I am headed to Destin for the next week.  All the reports say that the kings are hitting pretty good near the jetties, but we are staying at a house on the bay with a long dock.  The dock may be 100' long and drops to a ledge at the end.  I have a couple of hydroglow lights that will be traveling with me.  
Does anyone know if it is worth fishing under lights at night during the summer.  If so, what would be the best strategy?
live bait for trout?
trying to catch reds?
or should I not waste my time?

Are the Flounder biting down there right now?

I will greatly appreciate any help!


----------



## Hooked On Quack (Jul 1, 2009)

For years I've been wanting to hit the flats at night and fish top water for big trout, but the idea of a missed strike and a Zara Spook coming towards the boat at 100mph when you can't see always seems to change my mind!!


----------



## swamp hunter (Jul 1, 2009)

I,d get some live shrimp and float them thru the lights , with a small hook , no sinker , no swivel. maybe try another rod with a split shot to float a little deeper.
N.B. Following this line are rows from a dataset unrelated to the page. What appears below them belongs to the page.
Lemma prune_seq_decr n : subsetn (prune_seq n.+1) (prune_seq n).
Proof. exact: prune_sub. Qed.

Lemma prune_seq_mono m n : m <= n -> subsetn (prune_seq n) (prune_seq m).
Proof.
move=> /subnKC <-; elim: (n - m) => [|d IH] z; first by rewrite addn0.
by rewrite addnS => /prune_seq_decr; apply: IH.
Qed.

Lemma kept_prune_seq m n : kept m -> prune_seq n m.
Proof.
move=> Km; case: (leqP n m.+1) => [le_n_m1 | ]; first exact: prune_seq_mono le_n_m1 _ Km.
elim: n => // n IH; rewrite ltnS => le_m1_n /=; rewrite prune_below //.
by move: le_m1_n; rewrite leq_eqVlt => /orP [/eqP <- | /IH].
Qed.

Lemma kept_sub : subsetn kept A.
Proof. by move=> m; apply: prune_seq_mono (leq0n m.+1) m. Qed.

Lemma kept_zero_homogeneous : zero_homogeneous c kept.
Proof.
have ordered m n : m < n -> kept m -> kept n -> cval c m n = false.
  by move=> lt_m_n Km /kept_prune_seq Kn; apply: prune_kept Km (Kn m.+1) lt_m_n.
move=> m n Km Kn; case: (ltngtP m n) => [lt_m_n | lt_n_m | ->] // _.
  exact: ordered.
by rewrite cvalC; apply: ordered.
Qed.

Hypotheses (idealI : is_ideal I) (finI : contains_fin I) (subadditive_c : subadditive c).

Lemma prune_seq_positive : positive I A -> forall n, positive I (prune_seq n).
Proof. by move=> Apos; elim=> //= n IH; apply: prune_positive. Qed.

Lemma not_kept_small y : A y -> ~~ kept y ->
  exists n, I (setIn (prune_seq n) (zero_after c y)).
Proof.
move=> Ay not_Ky.
have [k lt_k_y1 /andP [Dk_y not_Dk1_y]] := bool_seq_drop (f := prune_seq^~ y) Ay not_Ky.
by exists k.+1; apply: prune_drop.
Qed.

Lemma kept_remainder_positive P :
  positive I P -> subsetI I P A -> I kept -> positive I (kept_remainder P).
Proof.
move=> Ppos PsubA Ikept Irem; apply/Ppos/(ideal_sub idealI
  (ideal_setU idealI PsubA (ideal_setU idealI Ikept Irem))) => m Pm.
by rewrite /setUn /setDn /kept_remainder Pm; case: (A m); case: (kept m).
Qed.

Lemma kept_remainder_homogeneous_small P :
  (forall n, subsetI I P (prune_seq n)) ->
  forall B, subsetn B (kept_remainder P) -> zero_homogeneous c B -> I B.
Proof.
move=> PsubD B Bsub Bhom.
have [[y By] | noB] := pselect (exists y, B y); last first.
  by apply: finI; exists 0 => z Bz; case: noB; exists z.
have /andP [/andP [_ Ay] not_Ky] := Bsub y By.
have [n Ismall] := not_kept_small Ay not_Ky.
have Iinit : I (fun z => z < y.+1) by apply: finI; exists y.+1.
apply: (ideal_sub idealI (ideal_setU idealI Iinit
          (ideal_setU idealI Ismall (PsubD n)))) => z Bz.
rewrite /setUn /setIn /setDn /zero_after ltnS; case: (leqP z y) => //= lt_y_z.
have /andP [/andP [Pz _] _] := Bsub z Bz.
rewrite Bhom ?Pz //=; first by case: (prune_seq n z).
by move=> eq_yz; rewrite eq_yz ltnn in lt_y_z.
Qed.

End PruneSequence.

Definition ramsey_witness (I : subset_nat -> Prop) (Phi : (nat * nat -> bool) -> subset_nat)
    (A : subset_nat) (c : coloring) : subset_nat :=
  if `[< I (kept I c A) >] then kept_remainder I c A (Phi (code_seq (prune_seq I c A)))
  else kept I c A.

Section BorelConstruction.
Variables (J : Type) (j : J) (I : subset_nat -> Prop).
Variables (A : (J -> bool) -> subset_nat) (c : (J -> bool) -> coloring).
Hypotheses (borelI : borel I) (borelA : borel_fun A) (borelc : borel_fun c).

Lemma borel_zero_after k : borel_fun (fun x => zero_after (c x) k).
Proof. by move=> z; apply: borel_predI (borel_pred_const j _) (borel_predN (borelc _)). Qed.

Lemma borel_prune k E : borel_fun E -> borel_fun (fun x => prune I (c x) k (E x)).
Proof.
move=> borelE m; apply: borel_pred_if (borelE k) _ (borelE m).
apply: borel_pred_if.
- apply/borel_pred_asbool/(borel_preimage (h := fun x => setIn (E x) (zero_after (c x) k))).
    by move=> z; apply: borel_predI (borelE z) (borel_zero_after k z).
  exact: borelI.
- exact: borel_predI (borelE m) (borel_pred_const j _).
- exact: borel_predI (borelE m) (borel_predU (borel_pred_const j _) (borel_zero_after k m)).
Qed.

Lemma borel_prune_seq n : borel_fun (fun x => prune_seq I (c x) (A x) n).
Proof. by elim: n => //= n IH; apply: borel_prune. Qed.

Lemma borel_kept : borel_fun (fun x => kept I (c x) (A x)).
Proof. by move=> m; apply: borel_prune_seq. Qed.

Lemma borel_ramsey_witness Phi :
  borel_fun Phi -> borel_fun (fun x => ramsey_witness I Phi (A x) (c x)).
Proof.
move=> borelPhi m.
have borel_remainder : borel_pred (fun x =>
    kept_remainder I (c x) (A x) (Phi (code_seq (prune_seq I (c x) (A x)))) m).
  apply: borel_predI (borel_predN (borel_kept m)).
  apply: borel_predI (borelA m).
  by apply: (borel_fun_comp _ borelPhi) => p; apply: borel_prune_seq.
pose small_kept x := `[< I (kept I (c x) (A x)) >].
apply: borel_ext (borel_pred_if (b := small_kept) _ borel_remainder (borel_kept m)) _ => [|x].
  exact/borel_pred_asbool/(borel_preimage borel_kept).
by rewrite /ramsey_witness /small_kept; case: ifP.
Qed.

End BorelConstruction.

Theorem lemma5p2 (I : subset_nat -> Prop) :
  borel_ideal I -> contains_fin I ->
  uniformly_weakly_Pplus I -> uniformly_weakly_Ramsey I.
Proof.
move=> [idealI borelI] finI [Phi [borelPhi PplusPhi]].
exists (fun x => ramsey_witness I Phi (fun n => x (inl n)) (fun p => x (inr p))).
split.
  apply: (borel_ramsey_witness (inl 0) (A := fun x n => x (inl n)) (c := fun x p => x (inr p)))
    => // [n | p]; exact: borel_sub.
move=> A c Apos subadditive_c; rewrite /= /ramsey_witness.
have [Ppos PsubD] :=
  PplusPhi _ (prune_seq_positive (c := c) idealI finI Apos) (@prune_seq_decr I c A).
case: asboolP => [Ikept | Kpos].
  split; [split | right].
  - by move=> m /andP [/andP []].
  - exact: kept_remainder_positive (PsubD 0) Ikept.
  - exact/nowhere_zero_homogeneousP/(kept_remainder_homogeneous_small idealI finI subadditive_c).
split; [split | left]; [exact: kept_sub | exact: Kpos | exact: kept_zero_homogeneous].
Qed.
I,ve caught Trout at night during the winter shrimp runs


----------



## Swamprat (Jul 1, 2009)

We use to fish a rod or two out of the back of the boat with a fresh caught shrimp while shrimping in Oak Hill and we would always catch some decent trout that were attracted to the lights.

The baitfish will swarm to the lights which will attract the bigger predatory fish. Most of the time they will hang just below the edge where the light does not penetrate and then torpedo up into the baitfish.

It might not hurt to chum the lighted area a little with some crushed up shrimp or crab to get the baitfish into a feeding frenzy.


----------



## sentrysam (Jul 1, 2009)

*Fishing ?*

or should I not waste my time?
Fishing is never a waste of time my friend.!....ss


----------



## Mako22 (Jul 1, 2009)

Years ago I lived in Niceville (in the bay near Destin) for a couple of years and we used to fish the lighted docks at night for trout. We caught a good many like others said here using live shrimp. I say go for it and have some fun.


----------



## crackerdave (Jul 5, 2009)

Another vote for live scrimp!


----------